1. Field of the Invention
The present invention relates generally to hybrid motor vehicles and, more particularly, to a battery control system for controlling the state of charge of a hybrid vehicle battery.
2. Background of the Invention
Motor vehicle manufacturers are actively working to develop alternative powertrain systems in an effort to reduce the level of pollutants exhausted into the air by conventional powertrains equipped with internal combustion engines. Significant development efforts have been directed to electric and fuel-cell vehicles. Unfortunately, these alternative powertrain systems suffer from several disadvantages and, for all practical purposes, are still under development. However, “hybrid” vehicles, which are equipped with an internal combustion engine and an electric motor that can be operated independently or in combination with the internal combustion engine to provide motive power to the vehicle, offer a compromise between traditional internal combustion engine powered vehicles and full electric powered vehicles.
A hybrid vehicle is typically equipped with a battery (a main battery) that provides electrical power to the hybrid driving motor and, in turn, is charged by a generator (typically the hybrid drive motor operating as a generator to generate electrical energy from a mechanical input). A battery charge level is monitored according to an index known as the battery State of Charge, or SOC. The SOC is defined by a ratio of the amount of residual charge remaining in a battery relative to its full charge capacity. Presently, a battery's SOC is generally measured using a combination of a measurement method utilizing a correlation between SOC and a battery's voltage-current characteristics at the time of charging (or discharging) and a measurement method utilizing an accumulation of charged and discharged amounts.
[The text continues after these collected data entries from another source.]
(* Let $k$ and $n$ be integers such that $k \geq 2$ and $n \geq 2k$, and let $(V,\mathcal{A}')$ be a partial $k$-star design of order $n$ with fewer than $u(n,k)$ stars. Then the leftover $L'$ of $(V,\mathcal{A}')$ contains a $k$-star.
   Context: A $k$-star is a copy of $K_{1,k}$. A partial $k$-star design of order $n$ is a pair $(V,\mathcal{A})$ where $V$ is a set of $n$ vertices and $\mathcal{A}$ is a set of edge-disjoint $k$-stars that are subgraphs of the complete graph $K_V$. The leftover of $(V,\mathcal{A})$ is the graph on vertex set $V$ whose edges are the edges of $K_V$ not lying in any star of $\mathcal{A}$. Here \[u(n,k)= \begin{cases} 2 \lfloor \frac{n-2}{k} \rfloor-1 & \text{if $n \not \equiv 1\pmod{k}$},\\ \frac{2(n-1)}{k} - 2 & \text{if $n \equiv 1\pmod{k}$.} \end{cases} \] *)

From mathcomp Require Import all_boot.
Unset Printing Implicit Defensive.

(* Vertex set V = 'I_n (any n-set).
   A k-star K_{1,k} (k >= 1) is given by its centre c and its set S of k
   leaves, c \notin S; its edges are the pairs {c, x}, x in S. *)
Definition star (n : nat) := ('I_n * {set 'I_n})%type.

Definition is_kstar (n k : nat) (s : star n) : bool :=
  (s.1 \notin s.2) && (#|s.2| == k).

Definition star_edges (n : nat) (s : star n) : {set {set 'I_n}} :=
  [set [set s.1; x] | x in s.2].

Definition partial_star_design (n k : nat) (A : {set star n}) : Prop :=
  (forall s, s \in A -> is_kstar n k s) /\
  (forall s t, s \in A -> t \in A -> s != t ->
     [disjoint star_edges n s & star_edges n t]).

Definition leftover_edge (n : nat) (A : {set star n}) (e : {set 'I_n}) : bool :=
  (#|e| == 2) && [forall s in A, e \notin star_edges n s].

Definition leftover_has_kstar (n k : nat) (A : {set star n}) : Prop :=
  exists s : star n, is_kstar n k s /\
    (forall e, e \in star_edges n s -> leftover_edge n A e).

Definition u (n k : nat) : nat :=
  if n %% k == 1 %% k then (2 * (n - 1)) %/ k - 2
  else 2 * ((n - 2) %/ k) - 1.

From mathcomp Require Import all_boot zify.

Set Implicit Arguments.
Unset Strict Implicit.

(* Every edge of a star contains its centre, so an edge neither of whose ends
   is the centre of a star of A is a leftover edge.  Fewer than
   u(n,k) <= n - k vertices are centres, so at least k + 1 vertices are not,
   and any k + 1 of them span a leftover k-star. *)

Lemma exists_subset_card (T : finType) (B : {set T}) m :
  m <= #|B| -> exists2 S : {set T}, S \subset B & #|S| = m.
Proof.
move=> le_mB; exists [set x in take m (enum B)].
  by apply/subsetP=> x; rewrite inE => /mem_take; rewrite mem_enum.
rewrite cardsE (card_uniqP _); last exact/take_uniq/enum_uniq.
by rewrite size_takel // -cardE.
Qed.

Lemma u_le_subn k n : 2 <= k -> 2 * k <= n -> u n k <= n - k.
Proof.
move=> k_ge2 n_ge2k; rewrite /u (@modn_small 1) //.
case: ifP => [/eqP n_mod | _].
  have n_eq := divn_eq n k; rewrite n_mod in n_eq; set q := n %/ k in n_eq *.
  have -> : (2 * (n - 1)) %/ k = 2 * q.
    by rewrite n_eq addnK mulnA mulnK //; lia.
  nia.
have := divn_eq (n - 2) k; have := ltn_pmod (n - 2) (ltnW k_ge2); nia.
Qed.

Definition centres n (A : {set star n}) : {set 'I_n} := [set s.1 | s in A].

Lemma centres_card_le n (A : {set star n}) : #|centres A| <= #|A|.
Proof. exact: leq_imset_card. Qed.

Lemma star_edges_centre n (s : star n) e : e \in star_edges n s -> s.1 \in e.
Proof. by case/imsetP=> x _ ->; rewrite set21. Qed.

Lemma leftover_edge_off_centres n (A : {set star n}) (x y : 'I_n) :
  x != y -> x \notin centres A -> y \notin centres A ->
  leftover_edge n A [set x; y].
Proof.
move=> neq_xy xC yC; rewrite /leftover_edge cards2 neq_xy /=.
apply/forall_inP=> s sA; apply/negP=> /star_edges_centre.
have s1C : s.1 \in centres A by apply: imset_f.
by rewrite !inE => /orP [] /eqP s1E; [move: xC | move: yC]; rewrite -s1E s1C.
Qed.

Lemma leftover_has_kstar_few_centres n k (A : {set star n}) :
  #|centres A| + k < n -> leftover_has_kstar n k A.
Proof.
move=> few_centres.
have free_card : k < #|~: centres A|.
  by move: (cardsC (centres A)); rewrite card_ord; lia.
have [F F_free card_F] := exists_subset_card free_card.
have [c cF] : exists c, c \in F by apply/card_gt0P; rewrite card_F.
have free x : x \in F -> x \notin centres A.
  by move/(subsetP F_free); rewrite inE.
exists (c, F :\ c); split.
  rewrite /is_kstar /= setD11 /=.
  by move: (cardsD1 c F); rewrite cF card_F => -[->].
move=> e /imsetP [x /= /setD1P [xc xF] ->].
by apply: leftover_edge_off_centres; rewrite 1?eq_sym ?free.
Qed.

Theorem lemma4 (k n : nat) (A : {set star n}) :
  2 <= k -> 2 * k <= n ->
  partial_star_design n k A ->
  #|A| < u n k ->
  leftover_has_kstar n k A.
Proof.
move=> k_ge2 n_ge2k _ few_stars.
apply: leftover_has_kstar_few_centres.
have := centres_card_le A; have := u_le_subn k_ge2 n_ge2k; lia.
Qed.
In hybrid vehicles, a battery control system typically controls charging and discharging of a battery based on the SOC. Specifically, for charging and discharging control, SOC values are typically divided into at least three ranges, namely, a charging prohibited range, a discharging prohibited range, and a normally charged range. In a charging prohibited range (e.g., SOC about 70 to 100%), further charging may be prohibited to leave room for energy capture through regenerative braking and to avoid excessive charging that could damage the battery. In a discharging prohibited range (e.g., SOC about 0 to 30%), further discharging may be prohibited to prevent excessive discharging that could compromise normal operation of the hybrid powertrain system. In a normally charged range (e.g., SOC about 30 and 70%), excessive charging or discharging are both unlikely and, therefore, charging and discharging are both allowed.
The preceding SOC strategy, while satisfactory for operating a passenger vehicle, may not be suitable for hybrid vehicles that operate the hybrid powertrain system to produce on-board of off-board power. For example, hybrid passenger vehicles use energy from the battery to enhance dynamic performance, convert kinetic energy into electric energy using regenerative braking, and store the converted energy in a battery to improve power consumption. In addition to these features, hybrid utility vehicles, such as utility trucks, may be operated to produce off-board electric or hydraulic power by operating the electric motor to produce electrical energy to drive a hydraulic pump, or use the electrical energy stored in the main battery to power on-board or off-board electrical equipment. In the latter example, it may be desirable to modify the SOC level during certain vehicle operating states (e.g., stationary vehicle supplying off-board electrical power) to maximize the energy available in the main battery and to minimize the need to activate the internal combustion to recharge the main battery or supplement the power provided thereby.